Coalition, Labor at odds over RBA board appointments

RBA review urges greater transparency

Labor has opened a rift with the Coalition with the appointment of two new Reserve Bank board members in the wake of a landmark review.

The federal government on Thursday released the first external review of Australia’s central bank and the operation of monetary policy in four decades.

With the Greens arguing the changes are a “backwards step”, Labor will need to work with the Coalition to legislate the review’s proposals with the aim of getting new settings in place to start on July 1, 2024.

A key recommendation is for the RBA to have two boards instead of one.

A monetary policy board with greater economic expertise will meet eight times a year, instead of monthly, to allow more time to consider issues and data.

A governance board with an external chair will be appointed to oversee the bank’s organisational strategy, finances, staff planning and risk management, with no role in monetary or payments policy or financial stability.

Treasurer Jim Chalmers on Thursday named former Fair Work Commission president Iain Ross and businesswoman Elana Rubin as new board members, in a bid to diversify the RBA’s range of expertise.

Dr Ross is a former Fair Work Commissioner and Ms Rubin a former head of Australian Super.
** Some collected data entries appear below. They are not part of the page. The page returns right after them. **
Lemma ln_succ_sub_bounds x : 1 <= x -> / (x + 1) <= ln (x + 1) - ln x <= / x.
Proof.
  intros Hx. split.
  - pose proof (exp_ineq1_le (ln (x / (x + 1)))) as H.
    rewrite exp_ln in H by (apply Rdiv_lt_0_compat; lra).
    rewrite ln_div in H by lra.
    replace (x / (x + 1)) with (1 - / (x + 1)) in H by (field; lra). lra.
  - pose proof (exp_ineq1_le (ln ((x + 1) / x))) as H.
    rewrite exp_ln in H by (apply Rdiv_lt_0_compat; lra).
    rewrite ln_div in H by lra.
    replace ((x + 1) / x) with (1 + / x) in H by (field; lra). lra.
Qed.

Lemma Cmod_le_Rabs_add (x y : R) : Cmod (x, y) <= Rabs x + Rabs y.
Proof.
  replace (x, y) with (RtoC x + (0, y))%C
    by (apply injective_projections; simpl; ring).
  eapply Rle_trans; [apply Cmod_triangle|].
  rewrite Cmod_R. unfold Cmod; simpl.
  replace (0 * (0 * 1) + y * (y * 1)) with (y²) by (unfold Rsqr; ring).
  rewrite sqrt_Rsqr_abs. lra.
Qed.

Open Scope C_scope.

Lemma Cinv_0 : / 0 = 0.
Proof. unfold Cinv; simpl. apply injective_projections; simpl; unfold Rdiv; ring. Qed.

Lemma Cinv_mult_distr (a b : C) : / (a * b) = / a * / b.
Proof.
  destruct (Ceq_dec a 0) as [->|Ha]; [rewrite Cmult_0_l, Cinv_0; ring|].
  destruct (Ceq_dec b 0) as [->|Hb]; [rewrite Cmult_0_r, Cinv_0; ring|].
  field. split; assumption.
Qed.

Lemma Cmod_add_R_ge (z : C) (x : R) : (0 <= x)%R -> (x - Cmod z <= Cmod (z + x))%R.
Proof.
  intros Hx. pose proof (Cmod_triangle (z + x) (- z)) as H.
  replace (z + x + - z) with (RtoC x) in H by ring.
  rewrite Cmod_R, Rabs_pos_eq, Cmod_opp in H by exact Hx. lra.
Qed.

Definition cexp (w : C) : C := exp (Re w) * (cos (Im w), sin (Im w)).

Lemma Cpow_pos_cexp x z : Cpow_pos x z = cexp (z * ln x).
Proof. unfold Cpow_pos, cexp. rewrite re_scal_r, im_scal_r. reflexivity. Qed.

Lemma cexp_plus u v : cexp (u + v) = cexp u * cexp v.
Proof.
  destruct u as [a b], v as [c d]. unfold cexp; simpl.
  rewrite exp_plus, cos_plus, sin_plus.
  apply injective_projections; simpl; ring.
Qed.
(* Let $\mathcal{G}$ be a Grothendieck category, $X\in\mathcal{G}$, $\sigma$ an ordinal, $(X_\alpha\mid\alpha\le\sigma)$ a chain of subobjects of $X$ with $X_0=0$, $X_\sigma=X$, $X_\mu=\bigcup_{\alpha<\mu}X_\alpha$ for limit $\mu\le\sigma$, and let $(A_\alpha\mid\alpha<\sigma)$ be subobjects of $X$ with $X_{\alpha+1}=X_\alpha+A_\alpha$ for all $\alpha<\sigma$. Let $\mathcal{L}$ be the set of closed subsets of $\sigma$. If $(S_i\mid i\in I)$ is any family of elements of $\mathcal{L}$, then $\bigcup_{i\in I}S_i\in\mathcal{L}$ and $\bigcap_{i\in I}S_i\in\mathcal{L}$. Moreover, the restriction $\ell:\mathcal{L}\to\mathrm{Subobj}(X)$ is a complete lattice homomorphism, i.e. $\ell(\bigcup_i S_i)=\sum_i\ell(S_i)$ and $\ell(\bigcap_iS_i)=\bigcap_i\ell(S_i)$.
   Context: For $S\subseteq\sigma$ (with $\sigma$ identified with the set of ordinals $<\sigma$), $\ell(S)=\sum_{\alpha\in S}A_\alpha\in\mathrm{Subobj}(X)$. A subset $S\subseteq\sigma$ is called closed if every $\alpha\in S$ satisfies $X_\alpha\cap A_\alpha\subseteq\sum_{\gamma\in S,\,\gamma<\alpha}A_\gamma$. Sums, intersections and direct unions are taken in the lattice $\mathrm{Subobj}(X)$ of subobjects of $X$. *)

(* Subobj(X) of an object X of a Grothendieck category is modelled by its
   defining lattice-theoretic structure: a complete, modular, upper
   continuous (AB5) lattice. *)
From Stdlib Require Import Classical.
Lemma rsum_constrained_max (n : nat) (f g : R -> R) :
  (forall x, 0 <= x <= 1 -> continuity_pt f x) ->
  (forall x, 0 <= x <= 1 -> continuity_pt g x) ->
  (exists a, unit_cube n a /\ rsum n (fun i => g (a i)) = 0) ->
  exists a, (unit_cube n a /\ rsum n (fun i => g (a i)) = 0) /\
    forall b, unit_cube n b -> rsum n (fun i => g (b i)) = 0 ->
      rsum n (fun i => f (b i)) <= rsum n (fun i => f (a i)).
Proof.
have clamp_cont F : (forall x, 0 <= x <= 1 -> continuity_pt F x) ->
    continuous (fun x => F (clamp01 x)).
  move=> F_cont; apply: continuous_clamp01_comp => x /andP[/RleP x0 /RleP x1].
  exact/continuity_pt_cvg/F_cont.
have sum_clamp F b : unit_cube n b ->
    (\sum_(i < n) F (clamp01 (b i)) = rsum n (fun i => F (b i)))%R.
  move=> b_cube; rewrite rsum_big; apply: eq_bigr => i _.
  by rewrite clamp01_id ?unit_cube_ord.
move=> /clamp_cont f_cont /clamp_cont g_cont [a0 [a0_cube a0_g]].
have [|a [[a_cube a_g] a_max]] := constrained_sum_max _ n _ _ f_cont g_cont.
  by exists (fun i => a0 i); split; [exact: unit_cube_ord | rewrite (sum_clamp g)].
have a_clamp i : clamp01 (a i) = a i by rewrite clamp01_id.
have a'_cube : unit_cube n (fun i => oapp a 0 (insub i)).
  move=> i /ssrnat.ltP i_lt; rewrite insubT /=.
  by have /andP[/RleP ? /RleP ?] := a_cube (Ordinal i_lt).
exists (fun i => oapp a 0 (insub i)); split.
  by split=> //; rewrite rsum_insub -[RHS]a_g; apply: eq_bigr => i _; rewrite a_clamp.
move=> b b_cube b_g; apply/RleP; rewrite rsum_insub -(sum_clamp f b b_cube).
under [X in (_ <= X)%R]eq_bigr do rewrite -a_clamp.
apply: a_max; first exact: unit_cube_ord.
by rewrite (sum_clamp g).
Qed.

End Compactness.

Lemma rsum_ext n (f g : nat -> R) :
  (forall i, (i < n)%nat -> f i = g i) -> rsum n f = rsum n g.
Proof.
  induction n as [|n IH]; intros Hfg; simpl; [reflexivity|].
  rewrite IH by (intros; apply Hfg; lia); rewrite (Hfg n) by lia; reflexivity.
Qed.

Lemma rsum_lin n (u v : R) (f g : nat -> R) :
  rsum n (fun i => u * f i + v * g i) = u * rsum n f + v * rsum n g.
Proof. induction n as [|n IH]; simpl; [ring|rewrite IH; ring]. Qed.

Lemma exists_sign_change (phi : nat -> R) m : (1 <= m)%nat ->
  phi 0%nat <= 0 -> 0 <= phi m -> exists k, (k < m)%nat /\ phi k <= 0 <= phi (S k).
Proof.
  induction m as [|m IH]; intros Hm H0 Hm'; [lia|].
  destruct (Rle_dec (phi m) 0) as [Hle|Hgt].
  - exists m; split; [lia|lra].
  - destruct m as [|m]; [lra|].
    destruct (IH ltac:(lia) H0 ltac:(lra)) as [k [Hk Hphi]].
    exists k; split; [lia|exact Hphi].
Qed.

Lemma IVT_le (f : R -> R) x y : x <= y ->
  (forall z, x <= z <= y -> continuity_pt f z) -> f x <= 0 -> 0 <= f y ->
  exists z, x <= z <= y /\ f z = 0.
Proof.
  intros Hxy Hf Hfx Hfy.
  destruct (Req_dec (f x) 0) as [Hx|Hx]; [exists x; split; [lra|exact Hx]|].
  destruct (Req_dec (f y) 0) as [Hy|Hy]; [exists y; split; [lra|exact Hy]|].
  destruct (Req_dec x y) as [<-|Hne]; [lra|].
  destruct (IVT_interv f x y Hf ltac:(lra) ltac:(lra) ltac:(lra)) as [z Hz].
  exists z; exact Hz.
Qed.

Definition platoon (k : nat) (b : R) (i : nat) : R :=
  if (i <? k)%nat then 1 else if (i =? k)%nat then b else 0.

Lemma platoon_unit_cube n k b : 0 <= b <= 1 -> unit_cube n (platoon k b).
Proof.
  intros Hb i _; unfold platoon.
  destruct (i <? k)%nat; [lra|destruct (i =? k)%nat; lra].
Qed.

Lemma platoon_succ k i : platoon k 1 i = platoon (S k) 0 i.
Proof.
  unfold platoon.
  destruct (Nat.ltb_spec i k), (Nat.eqb_spec i k), (Nat.ltb_spec i (S k)),
    (i =? S k)%nat; first [reflexivity | lia].
Qed.

Lemma rsum_platoon_prefix (F : R -> R) k b m : (m <= k)%nat ->
  rsum m (fun i => F (platoon k b i)) = INR m * F 1.
Proof.
  induction m as [|m IH]; intros Hm; simpl rsum; [simpl; ring|].
  rewrite IH by lia; unfold platoon.
  replace (m <? k)%nat with true by (symmetry; apply Nat.ltb_lt; lia).
  rewrite S_INR; ring.
Qed.

Lemma rsum_platoon (F : R -> R) k b n : (k < n)%nat ->
  rsum n (fun i => F (platoon k b i)) = INR k * F 1 + F b + INR (n - 1 - k) * F 0.
Proof.
  induction n as [|n IH]; intros Hk; [lia|]; simpl rsum.
  destruct (Nat.eq_dec k n) as [->|Hne].
  - rewrite rsum_platoon_prefix by lia; unfold platoon.
    rewrite Nat.ltb_irrefl, Nat.eqb_refl.
    replace (S n - 1 - n)%nat with 0%nat by lia; simpl; ring.
  - rewrite IH by lia; unfold platoon.
    replace (n <? k)%nat with false by (symmetry; apply Nat.ltb_ge; lia).
    replace (n =? k)%nat with false by (symmetry; apply Nat.eqb_neq; lia).
    replace (S n - 1 - k)%nat with (S (n - 1 - k)) by lia.
    rewrite S_INR; ring.
Qed.

Lemma quadratic_gap_square (A B s x : R) : s * s = A * (A - B) ->
  2 * (A - s) * (A - B * x) - B * (A - B * x ^ 2) = (A - B * x - s) ^ 2.
Proof.
  intros Hs; transitivity ((A - B * x - s) ^ 2 + (A * (A - B) - s * s)); [ring|].
  rewrite Hs; ring.
Qed.

Lemma mul_div_le_of_mul_le (N u q M : R) :
  0 <= N -> 0 < u -> 0 < q -> u * q <= M -> N * u / M <= N / q.
Proof.
  intros HN Hu Hq HM.
  replace (N * u / M) with (N / q * (u * q / M)) by (field; nra).
  rewrite <- (Rmult_1_r (N / q)) at 2.
  apply Rmult_le_compat_l; [apply Rle_mult_inv_pos; lra|].
  apply Rmult_le_reg_r with M; [nra|].
  replace (u * q / M * M) with (u * q) by (field; nra); lra.
Qed.

Section Capacity.

Variables (L h hbar d : R).
Hypotheses (HL : 0 < L) (Hhbar : 0 <= hbar) (Hh : hbar < h) (Hd : 0 < d).

Local Notation c := (cap L h hbar d).
Local Notation cUB := (capUB L h hbar d).
Local Notation A := (L + h).
Local Notation B := (h - hbar).
Local Notation s := (sqrt ((L + h) * (L + hbar))).

Lemma denominators_pos a : 0 <= a <= 1 -> 0 < A - B * a ^ 2 /\ 0 < A - B * a.
Proof. intros Ha; assert (a ^ 2 <= a) by nra; split; nra. Qed.

Lemma cap_unit a : 0 <= a <= 1 -> c a = d / (A - B * a ^ 2).
Proof.
  intros Ha; destruct (denominators_pos a Ha).
  unfold cap, k1, k2; field; split; lra.
Qed.

Lemma capUB_unit a : 0 <= a <= 1 -> cUB a = d / (A - B * a).
Proof.
  intros Ha; destruct (denominators_pos a Ha).
  unfold capUB, k1, k2; field; split; lra.
Qed.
Both also have past links with the Australian Council of Trade Unions.

Cabinet minister Ed Husic said it was important the RBA considered a broader range of factors when making its decisions.
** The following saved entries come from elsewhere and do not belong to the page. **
Definition dirs s := dirs_of k (pblock P s).

Lemma in_cover s : (s \in cover P) = (f s == ord0).
Proof. by case/and3P: P_part => /eqP -> _ _; rewrite inE. Qed.

Lemma dirsP s : f s == ord0 -> #|dirs s| = k /\ exists v, pblock P s = face (dirs s) v.
Proof. by rewrite -in_cover => /pblock_mem /P_faces /dirs_ofP. Qed.

Lemma in_pblock_col1 s s' : s \in pblock P s' -> f s == ord0.
Proof.
case/and3P: P_part => _ P_triv _ ss'.
by rewrite -in_cover -mem_pblock (same_pblock P_triv ss').
Qed.

Lemma pblock_upd s m t : f s == ord0 -> t != s m ->
  (upd s m t \in pblock P s) = (m \in dirs s).
Proof.
move=> fs ts; have [_ [v Fv]] := dirsP fs; rewrite Fv face_upd // -Fv mem_pblock.
by rewrite in_cover.
Qed.

Lemma dirs_upd s m t : f s == ord0 -> m \in dirs s -> t != s m ->
  dirs (upd s m t) = dirs s /\ f (upd s m t) == ord0.
Proof.
move=> fs mS ts; have s'S : upd s m t \in pblock P s by rewrite pblock_upd.
case/and3P: P_part => _ P_triv _.
by rewrite /dirs (same_pblock P_triv s'S); split; last exact: in_pblock_col1 s'S.
Qed.

(* [gcol true] and [gcol false] are the colourings g' and g''; [ord_max] is
   colour q+1. *)
Definition gcol (e : bool) x : 'I_q.+1 :=
  let s := lamx x in
  if f s == ord0 then
    widen (\sum_(i | i \notin dirs s) psi (blk x i) +
           (if e then \sum_(i in dirs s) lam (blk x i) else 0))%R
  else ord_max.

Lemma gcol_lt e x : f (lamx x) == ord0 -> gcol e x < q.
Proof. by move=> fs; rewrite /gcol fs; apply: (ltn_ord (_ : 'I_q)). Qed.

Lemma gcol_nbr_psi e x m t :
  f (upd (lamx x) m t) == ord0 -> m \notin dirs (upd (lamx x) m t) ->
  exists K, forall j,
    gcol e (nbr x m j t) = widen (psi (upd (blk x m) j (lam_inv (blk x m) j t)) + K)%R.
Proof.
set S := dirs _ => fs' mS.
exists (\sum_(i | (i \notin S) && (i != m)) psi (blk x i) +
        (if e then \sum_(i in S) lam (blk x i) else 0))%R => j.
rewrite /gcol lamx_nbr fs' -/S (bigD1 m) //= blk_nbr_eq addrA; congr (widen (_ + _ + _)%R).
  by apply: eq_bigr => i /andP [_ im]; rewrite blk_nbr_neq.
case: e => //; apply: eq_bigr => i iS; rewrite blk_nbr_neq //.
by apply: contraNneq mS => <-.
Qed.

Lemma gcol_face_false x m j t : f (lamx x) == ord0 -> m \in dirs (lamx x) ->
  t != lamx x m -> gcol false (nbr x m j t) = gcol false x.
Proof.
move=> fs mS tm; have [S' fs'] := dirs_upd fs mS tm.
rewrite /gcol lamx_nbr S' fs' fs; congr (widen (_ + _)%R).
by apply: eq_bigr => i iS; rewrite blk_nbr_neq //; apply: contraNneq iS => ->.
Qed.

Lemma gcol_face_true x m : f (lamx x) == ord0 -> m \in dirs (lamx x) ->
  exists K, gcol true x = widen (K + lamx x m)%R /\
    forall j t, t != lamx x m -> gcol true (nbr x m j t) = widen (K + t)%R.
Proof.
move=> fs mS; set S := dirs _ in mS *.
exists (\sum_(i | i \notin S) psi (blk x i) + \sum_(i in S | i != m) lam (blk x i))%R.
split=> [|j t tm].
  by rewrite /gcol fs -/S (bigD1 m mS) /= ffunE [X in _ = widen X]addrC addrCA.
have [S' fs'] := dirs_upd fs mS tm.
rewrite /gcol lamx_nbr S' fs' -/S (bigD1 m mS) /= blk_nbr_eq lam_upd_inv.
rewrite addrCA [X in _ = widen X]addrC; congr (widen (_ + (_ + _))%R).
  by apply: eq_bigr => i iS; rewrite blk_nbr_neq //; apply: contraNneq iS => ->.
by apply: eq_bigr => i /andP [_ im]; rewrite blk_nbr_neq.
Qed.


Definition ncount e x m t (c : 'I_q.+1) := \sum_j (gcol e (nbr x m j t) == c : nat).

Lemma ncountE e x m t c (g : 'I_q -> 'I_q.+1) :
  (forall j, gcol e (nbr x m j t) = g j) -> ncount e x m t c = \sum_j (g j == c : nat).
Proof. by move=> gE; apply: eq_bigr => j _; rewrite gE. Qed.

Definition nadj (D : pred 'I_n) (s : hvert n q) (j : 'I_2) :=
  \sum_(m | D m) \sum_(t | t != s m) (f (upd s m t) == j : nat).

Lemma ncount_off_face e x m t c : t != lamx x m ->
  (f (upd (lamx x) m t) == ord0 -> lamx x \notin pblock P (upd (lamx x) m t)) ->
  ncount e x m t c =
  if c < q then (f (upd (lamx x) m t) == ord0 : nat)
  else q * (f (upd (lamx x) m t) == ord_max).
Proof.
set s' := upd _ m t => tm off; rewrite ord2_max.
case: (boolP (f s' == ord0)) => fs' /=; last first.
  rewrite (ncountE _ (g := fun=> ord_max)); last first.
    by move=> j; rewrite /gcol lamx_nbr -/s' (negbTE fs').
  rewrite sum_nat_const card_ord eq_sym eq_ord_max ltnNge ltnS.
  by case: (c <= q'); rewrite ?muln0 ?muln1.
have mS' : m \notin dirs s'.
  rewrite -(pblock_upd (s := s') (t := lamx x m)) //; last by rewrite updE eqxx eq_sym.
  by rewrite {1}/s' upd_upd upd_id; apply: off.
have [K gK] := gcol_nbr_psi e fs' mS'.
have tm' : t != lam (blk x m) by move: tm; rewrite ffunE.
rewrite (ncountE _ gK).
rewrite (sum_widen_inj _ (inj_comp (addIr K) (psi_line_inj tm'))).
by case: ltnP; rewrite ?muln0.
Qed.

Lemma sum_ncount_off_face (D : pred 'I_n) e x c :
  (forall m t, D m -> t != lamx x m -> f (upd (lamx x) m t) == ord0 ->
     lamx x \notin pblock P (upd (lamx x) m t)) ->
  \sum_(m | D m) \sum_(t | t != lamx x m) ncount e x m t c =
  if c < q then nadj D (lamx x) ord0 else q * nadj D (lamx x) ord_max.
Proof.
move=> off; case: ltnP => cq; rewrite /nadj ?big_distrr; apply: eq_bigr => m Dm.
  by apply: eq_bigr => t tm; rewrite ncount_off_face ?cq // => /off; apply.
rewrite big_distrr; apply: eq_bigr => t tm; rewrite ncount_off_face //; last exact: off.
by rewrite ltnNge cq.
Qed.

(* The neighbours of a colour c < q reached through one direction of the face;
   [diag] tells whether c is the colour of the vertex itself. *)
Definition face_gain (e diag : bool) : nat := if e then q * ~~ diag else q' * q * diag.

Lemma sum_ncount_face e x m c : f (lamx x) == ord0 -> m \in dirs (lamx x) ->
  \sum_(t | t != lamx x m) ncount e x m t c = (c < q) * face_gain e (gcol e x == c).
Proof.
move=> fs mS; have sum_neq (N : nat) : \sum_(t | t != lamx x m) N = q' * N.
  by rewrite (eq_bigl (predC1 (lamx x m))) // sum_nat_const cardC1 card_ord.
have gc_lt : gcol e x == c -> c < q by move/eqP <-; apply: gcol_lt.
case: e gc_lt => gc_lt /=.
  have [K [gx gnb]] := gcol_face_true fs mS.
  rewrite (eq_bigr (fun t => q * (widen (K + t)%R == c))) => [|t tm]; last first.
    by rewrite (ncountE _ (fun j => gnb j t tm)) sum_nat_const card_ord.
  have := sum_widen_inj c (addrI K); rewrite (bigD1 (lamx x m)) //= -gx -big_distrr /=.
  move: (\sum_(t | _) _) => N; case: (gcol true x == c) gc_lt => [/(_ isT) ->|_] /=.
    by rewrite add1n => -[->]; rewrite !muln0.
  by rewrite add0n => <-; rewrite muln1 mulnC.
rewrite (eq_bigr (fun=> q * (gcol false x == c))) => [|t tm]; last first.
  by rewrite (ncountE _ (fun j => gcol_face_false j fs mS tm)) sum_nat_const card_ord.
rewrite sum_neq mulnA.
by case: (gcol false x == c) gc_lt => [/(_ isT) ->|_]; rewrite /= ?mul1n ?muln0.
Qed.

Lemma nadj_dirs s j : f s == ord0 ->
  nadj predT s j = nadj [pred m | m \notin dirs s] s j + (j == ord0) * (k * q').
Proof.
move=> fs; have [Sk _] := dirsP fs.
rewrite /nadj (bigID [pred m | m \in dirs s]) addnC /=; congr (_ + _).
rewrite (eq_bigr (fun=> q' * (j == ord0))) => [|m mS].
  by rewrite sum_nat_const Sk mulnA mulnC.
rewrite (eq_bigl (predC1 (s m))) // (eq_bigr (fun=> (j == ord0 : nat))) => [|t ts].
  by rewrite sum_nat_const cardC1 card_ord.
by have [_ /eqP ->] := dirs_upd fs mS ts; rewrite eq_sym.
Qed.

Lemma card_adj_gcol_col2 e x c : f (lamx x) != ord0 ->
  #|[set y | hadj x y & gcol e y == c]| =
  if c < q then nadj predT (lamx x) ord0 else q * nadj predT (lamx x) ord_max.
Proof.
move=> fs; rewrite (card_adj_nbr lam_psi_sep); apply: sum_ncount_off_face => m t _ _ _.
by apply: contra fs => /in_pblock_col1.
Qed.

Lemma card_adj_gcol_col1 e x c : f (lamx x) == ord0 ->
  #|[set y | hadj x y & gcol e y == c]| =
  (if c < q then nadj [pred m | m \notin dirs (lamx x)] (lamx x) ord0
   else q * nadj [pred m | m \notin dirs (lamx x)] (lamx x) ord_max) +
  k * ((c < q) * face_gain e (gcol e x == c)).
Proof.
move=> fs; have [Sk _] := dirsP fs.
rewrite (card_adj_nbr lam_psi_sep) (bigID [pred m | m \in dirs (lamx x)]) [LHS]addnC /=.
congr (_ + _).
  apply: sum_ncount_off_face => m t /= mS tm fs'; apply/negP => s_s'.
  case/and3P: P_part => _ P_triv _; move: mS.
  by rewrite -(pblock_upd fs tm) (same_pblock P_triv s_s') mem_pblock in_cover fs'.
by rewrite (eq_bigr _ (fun m mS => sum_ncount_face e c fs mS)) sum_nat_const Sk.
Qed.

Hypothesis q'_gt0 : 0 < q'.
“I do think where decisions have an impact… it’s a healthier decision when you have that balance,” he told ABC radio on Friday.

“There needs to be deeper structures for people to have that sense of a say and an influence in decision making.”
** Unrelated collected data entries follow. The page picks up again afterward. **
Lemma final_dist_add (y1 y2 z1 z2 : B) :
  qle (qtensor (final_dist y1 y2) (final_dist z1 z2))
      (final_dist (gadd y1 z1) (gadd y2 z2)).
Proof.
  apply qtensor_sup_le.
  intros s t (x1 & x2 & <- & <- & ->) (x1' & x2' & <- & <- & ->).
  rewrite <- !hfun_add. eapply qle_trans; [apply gdist_add | apply final_dist_ub].
Qed.

Definition vimage : vgroup V.
Proof.
  refine (@vsubgroup_with B in_image image_subgroup
            (fun y1 y2 => final_dist (proj1_sig y1) (proj1_sig y2)) _ _ _); intros.
  - destruct x as [y [x <-]]. eapply qle_trans; [apply (gdist_refl x) | apply final_dist_ub].
  - apply final_dist_trans.
  - apply final_dist_add.
Defined.

Definition vto_image : vhom A vimage.
Proof.
  refine (@VHom V A vimage (fun x => exist in_image (f x) (ex_intro _ x eq_refl)) _ _);
    intros.
  - apply sig_inj, hfun_add.
  - apply final_dist_ub.
Defined.

Definition vimage_incl : vhom vimage B.
Proof.
  refine (@VHom V vimage B (@proj1_sig _ _) _ _); intros.
  - reflexivity.
  - apply final_dist_le.
Defined.

End Image.

Section QuotientMap.
Variables (B X : vgroup V) (e : vhom B X).

Definition surjective : Prop := forall y, exists b, e b = y.
Definition final : Prop := forall y1 y2, qle (gdist y1 y2) (final_dist e y1 y2).
Definition quotient_map : Prop := surjective /\ final.

Variables (Z : vgroup V) (He : quotient_map) (u : vhom B Z)
  (Hu : forall b b', e b = e b' -> u b = u b').

Definition preimage (y : X) : B :=
  proj1_sig (constructive_indefinite_description _ (proj1 He y)).

Lemma preimage_spec (y : X) : e (preimage y) = y.
Proof. exact (proj2_sig (constructive_indefinite_description _ (proj1 He y))). Qed.

Definition vlift : vhom X Z.
Proof.
  refine (@VHom V X Z (fun y => u (preimage y)) _ _); intros.
  - rewrite <- hfun_add. apply Hu. now rewrite hfun_add, !preimage_spec.
  - eapply qle_trans; [apply (proj2 He)|]. apply qsup_least.
    intros v (b1 & b2 & H1 & H2 & ->).
    rewrite <- (@Hu b1 (preimage x)), <- (@Hu b2 (preimage y))
      by now rewrite preimage_spec.
    apply hfun_dist.
Defined.

Lemma vlift_comp (b : B) : vlift (e b) = u b.
Proof. apply Hu. now rewrite preimage_spec. Qed.

End QuotientMap.

Lemma quotient_map_factor (P Q X : vgroup V) (p : vhom P X) (q : vhom Q X)
  (w : vhom Q P) : (forall z, p (w z) = q z) -> quotient_map q -> quotient_map p.
Proof.
  intros Hw [Hs Hf]. split.
  - intros y. destruct (Hs y) as [z <-]. now exists (w z).
  - intros y1 y2. eapply qle_trans; [apply Hf|]. apply qsup_least.
    intros v (z1 & z2 & <- & <- & ->). rewrite <- !Hw.
    eapply qle_trans; [apply hfun_dist | apply final_dist_ub].
Qed.

Lemma vto_image_quotient_map (A B : vgroup V) (f : vhom A B) :
  quotient_map (vto_image f).
Proof.
  split.
  - intros [y [x Hx]]. exists x. now apply sig_inj.
  - intros y1 y2. apply qsup_least. intros v (x1 & x2 & H1 & H2 & ->).
    apply qsup_ub. exists x1, x2. repeat split; now apply sig_inj.
Qed.

Lemma quotient_map_coequalizer (K B X : vgroup V) (h1 h2 : vhom K B) (e : vhom B X) :
  quotient_map e -> (forall k, e (h1 k) = e (h2 k)) ->
  (forall Z (u : vhom B Z), (forall k, u (h1 k) = u (h2 k)) ->
     forall b b', e b = e b' -> u b = u b') ->
  is_coequalizer (C:=VGrp V) h1 h2 e.
Proof.
  intros He Heh Hker. split; [exact Heh|].
  intros Z u Hu. exists (vlift He (Hker Z u Hu)). split.
  - intro b. apply vlift_comp.
  - intros w Hw y. destruct (proj1 He y) as [b <-].
    transitivity (u b); [exact (Hw b) | symmetry; apply vlift_comp].
Qed.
However, opposition treasury spokesman Angus Taylor said the Coalition was disappointed with the appointments, despite the need for intellectual diversity on the board.

“The review laid that out plainly and I endorsed the need for that,” he told ABC News.

“There is a clear process, a rigorous merit-based process that is laid out … and the government hasn’t followed it with its first two appointments.”

Another key recommendation was ensuring the central bank gives equal consideration to the objectives of price stability and full employment.

As well, board members and officials will be encouraged to provide more information to the public following concerns of a lack of transparency.

Cabinet minister Jason Clare said this would have a positive impact.

“The decisions that the bank makes doesn’t just affect those of us with a mortgage – it affects everyone in Australia and affects the prices of everything at the supermarket and affects the levels of employment,” he said.

The review called for the inflation target of 2-3 per cent to be retained, despite other central banks around the world having lower targets.

The government plans to introduce laws to parliament by the end of the year to reinforce the independence of the RBA by removing the government’s right to veto its decisions.

The laws would also create the monetary policy and governance boards and clarify the dual objectives of keeping inflation down and full employment.

Dr Chalmers plans to release a new statement on the conduct of monetary policy before the end of 2023, which would reaffirm the bank’s independence, support the inflation target and set out commitments on transparency and accountability.